When you reach the line in the data below that contains "(\sum_k w k * a k).", please start repeating lines exactly, and stop after the line that contains "End WeightedMeans.", repeating nothing else.
※ ※ ※
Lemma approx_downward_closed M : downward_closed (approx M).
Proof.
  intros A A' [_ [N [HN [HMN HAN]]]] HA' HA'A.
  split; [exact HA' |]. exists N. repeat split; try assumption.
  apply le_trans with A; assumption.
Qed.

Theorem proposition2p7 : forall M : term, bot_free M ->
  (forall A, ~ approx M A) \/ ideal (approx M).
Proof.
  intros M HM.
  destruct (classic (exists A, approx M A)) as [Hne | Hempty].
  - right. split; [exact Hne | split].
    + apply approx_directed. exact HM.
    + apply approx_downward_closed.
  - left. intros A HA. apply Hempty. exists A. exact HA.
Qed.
※ ※ ※
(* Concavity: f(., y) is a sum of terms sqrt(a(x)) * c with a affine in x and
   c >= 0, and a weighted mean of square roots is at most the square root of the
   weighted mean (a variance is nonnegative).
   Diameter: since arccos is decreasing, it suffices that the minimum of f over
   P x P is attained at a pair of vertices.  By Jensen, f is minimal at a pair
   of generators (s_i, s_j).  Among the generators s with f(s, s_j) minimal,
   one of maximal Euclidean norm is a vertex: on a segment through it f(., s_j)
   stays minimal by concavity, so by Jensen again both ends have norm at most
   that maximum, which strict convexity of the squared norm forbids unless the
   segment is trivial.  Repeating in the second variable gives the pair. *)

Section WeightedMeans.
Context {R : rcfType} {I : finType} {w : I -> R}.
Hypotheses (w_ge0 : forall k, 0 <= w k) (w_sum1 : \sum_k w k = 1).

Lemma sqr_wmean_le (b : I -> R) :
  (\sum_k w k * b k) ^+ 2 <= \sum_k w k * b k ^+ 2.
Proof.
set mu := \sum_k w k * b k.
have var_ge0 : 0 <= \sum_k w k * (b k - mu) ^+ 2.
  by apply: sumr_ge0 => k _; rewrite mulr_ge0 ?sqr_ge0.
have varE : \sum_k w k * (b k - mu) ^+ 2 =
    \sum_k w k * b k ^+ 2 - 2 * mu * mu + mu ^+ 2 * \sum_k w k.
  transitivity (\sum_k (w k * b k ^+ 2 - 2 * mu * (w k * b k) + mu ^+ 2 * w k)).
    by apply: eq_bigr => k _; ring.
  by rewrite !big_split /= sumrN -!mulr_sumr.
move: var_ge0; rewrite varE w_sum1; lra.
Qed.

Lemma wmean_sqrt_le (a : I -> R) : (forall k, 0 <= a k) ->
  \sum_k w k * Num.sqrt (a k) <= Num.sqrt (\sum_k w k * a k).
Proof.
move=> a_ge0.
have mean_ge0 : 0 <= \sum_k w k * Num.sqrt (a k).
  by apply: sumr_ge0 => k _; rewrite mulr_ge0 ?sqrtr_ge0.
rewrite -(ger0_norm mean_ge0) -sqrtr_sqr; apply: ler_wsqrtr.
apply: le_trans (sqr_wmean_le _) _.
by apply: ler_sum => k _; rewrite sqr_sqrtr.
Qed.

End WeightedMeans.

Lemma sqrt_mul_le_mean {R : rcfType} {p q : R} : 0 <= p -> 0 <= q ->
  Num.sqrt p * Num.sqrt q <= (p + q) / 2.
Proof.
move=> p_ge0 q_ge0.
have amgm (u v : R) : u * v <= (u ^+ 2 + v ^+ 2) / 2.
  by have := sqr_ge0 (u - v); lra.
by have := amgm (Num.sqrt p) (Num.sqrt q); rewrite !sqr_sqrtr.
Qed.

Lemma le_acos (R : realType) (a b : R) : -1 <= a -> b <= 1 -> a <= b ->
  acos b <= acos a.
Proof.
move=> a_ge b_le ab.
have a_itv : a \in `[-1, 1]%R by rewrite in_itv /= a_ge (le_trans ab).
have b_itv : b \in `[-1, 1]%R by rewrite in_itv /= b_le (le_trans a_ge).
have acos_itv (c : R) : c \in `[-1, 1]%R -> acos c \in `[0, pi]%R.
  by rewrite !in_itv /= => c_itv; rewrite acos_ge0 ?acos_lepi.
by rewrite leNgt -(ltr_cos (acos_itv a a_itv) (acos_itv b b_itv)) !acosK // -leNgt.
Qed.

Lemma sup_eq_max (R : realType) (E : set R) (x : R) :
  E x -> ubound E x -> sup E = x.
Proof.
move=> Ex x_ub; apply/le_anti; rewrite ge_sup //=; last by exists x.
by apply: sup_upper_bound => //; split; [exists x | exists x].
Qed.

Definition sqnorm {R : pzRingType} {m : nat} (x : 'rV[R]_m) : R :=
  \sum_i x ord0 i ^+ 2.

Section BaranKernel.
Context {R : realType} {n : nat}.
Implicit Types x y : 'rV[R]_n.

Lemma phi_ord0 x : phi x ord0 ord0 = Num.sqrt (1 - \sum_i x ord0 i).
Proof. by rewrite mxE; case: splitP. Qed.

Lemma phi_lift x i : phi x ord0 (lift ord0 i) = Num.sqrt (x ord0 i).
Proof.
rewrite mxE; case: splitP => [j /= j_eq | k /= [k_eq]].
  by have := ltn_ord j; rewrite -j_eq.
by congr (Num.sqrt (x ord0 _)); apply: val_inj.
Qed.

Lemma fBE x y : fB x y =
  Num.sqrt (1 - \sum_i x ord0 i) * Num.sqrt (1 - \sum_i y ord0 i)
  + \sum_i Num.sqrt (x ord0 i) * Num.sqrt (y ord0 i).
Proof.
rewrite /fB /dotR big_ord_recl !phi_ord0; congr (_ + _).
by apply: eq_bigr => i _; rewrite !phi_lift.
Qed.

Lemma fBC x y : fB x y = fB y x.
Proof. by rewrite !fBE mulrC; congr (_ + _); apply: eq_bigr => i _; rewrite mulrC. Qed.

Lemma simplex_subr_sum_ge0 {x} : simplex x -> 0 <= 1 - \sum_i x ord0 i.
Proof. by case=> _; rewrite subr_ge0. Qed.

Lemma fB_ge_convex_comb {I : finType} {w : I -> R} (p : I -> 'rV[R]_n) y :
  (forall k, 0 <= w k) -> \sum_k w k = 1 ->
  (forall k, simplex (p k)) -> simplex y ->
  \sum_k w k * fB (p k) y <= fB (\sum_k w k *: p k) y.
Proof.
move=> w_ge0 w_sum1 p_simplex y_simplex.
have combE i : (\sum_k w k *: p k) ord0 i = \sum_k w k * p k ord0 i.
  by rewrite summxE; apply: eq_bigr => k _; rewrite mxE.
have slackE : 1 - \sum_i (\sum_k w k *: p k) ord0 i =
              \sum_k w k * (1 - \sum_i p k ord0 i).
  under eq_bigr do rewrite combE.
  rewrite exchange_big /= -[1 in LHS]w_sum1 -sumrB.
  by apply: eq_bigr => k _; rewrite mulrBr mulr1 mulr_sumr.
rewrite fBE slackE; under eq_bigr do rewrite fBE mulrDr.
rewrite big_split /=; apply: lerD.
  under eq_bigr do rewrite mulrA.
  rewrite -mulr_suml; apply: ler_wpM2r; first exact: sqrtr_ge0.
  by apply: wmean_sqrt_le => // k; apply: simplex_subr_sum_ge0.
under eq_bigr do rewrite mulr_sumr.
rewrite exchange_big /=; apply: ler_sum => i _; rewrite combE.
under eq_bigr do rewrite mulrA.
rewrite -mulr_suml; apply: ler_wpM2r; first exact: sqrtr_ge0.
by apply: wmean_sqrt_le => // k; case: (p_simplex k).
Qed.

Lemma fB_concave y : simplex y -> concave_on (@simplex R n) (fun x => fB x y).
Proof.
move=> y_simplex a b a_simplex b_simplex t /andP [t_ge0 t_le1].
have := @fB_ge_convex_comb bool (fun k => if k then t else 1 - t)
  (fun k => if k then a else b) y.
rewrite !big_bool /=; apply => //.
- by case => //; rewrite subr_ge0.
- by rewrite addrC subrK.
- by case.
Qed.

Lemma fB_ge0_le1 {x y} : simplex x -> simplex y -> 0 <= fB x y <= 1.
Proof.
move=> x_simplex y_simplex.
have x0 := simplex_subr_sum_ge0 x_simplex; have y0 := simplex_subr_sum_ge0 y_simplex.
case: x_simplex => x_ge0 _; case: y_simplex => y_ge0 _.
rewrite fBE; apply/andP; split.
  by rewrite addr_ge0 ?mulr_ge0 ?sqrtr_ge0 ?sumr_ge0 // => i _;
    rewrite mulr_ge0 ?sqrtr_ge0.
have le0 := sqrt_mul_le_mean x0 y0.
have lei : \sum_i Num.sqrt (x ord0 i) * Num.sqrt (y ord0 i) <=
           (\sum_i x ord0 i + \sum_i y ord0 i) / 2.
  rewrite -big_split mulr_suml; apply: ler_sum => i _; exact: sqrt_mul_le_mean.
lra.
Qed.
※ ※ ※
* [Written solution]:
  \sum_k w k * Num.sqrt (a k) <= Num.sqrt (\sum_k w k * a k).
Proof.
move=> a_ge0.
have mean_ge0 : 0 <= \sum_k w k * Num.sqrt (a k).
  by apply: sumr_ge0 => k _; rewrite mulr_ge0 ?sqrtr_ge0.
rewrite -(ger0_norm mean_ge0) -sqrtr_sqr; apply: ler_wsqrtr.
apply: le_trans (sqr_wmean_le _) _.
by apply: ler_sum => k _; rewrite sqr_sqrtr.
Qed.

End WeightedMeans.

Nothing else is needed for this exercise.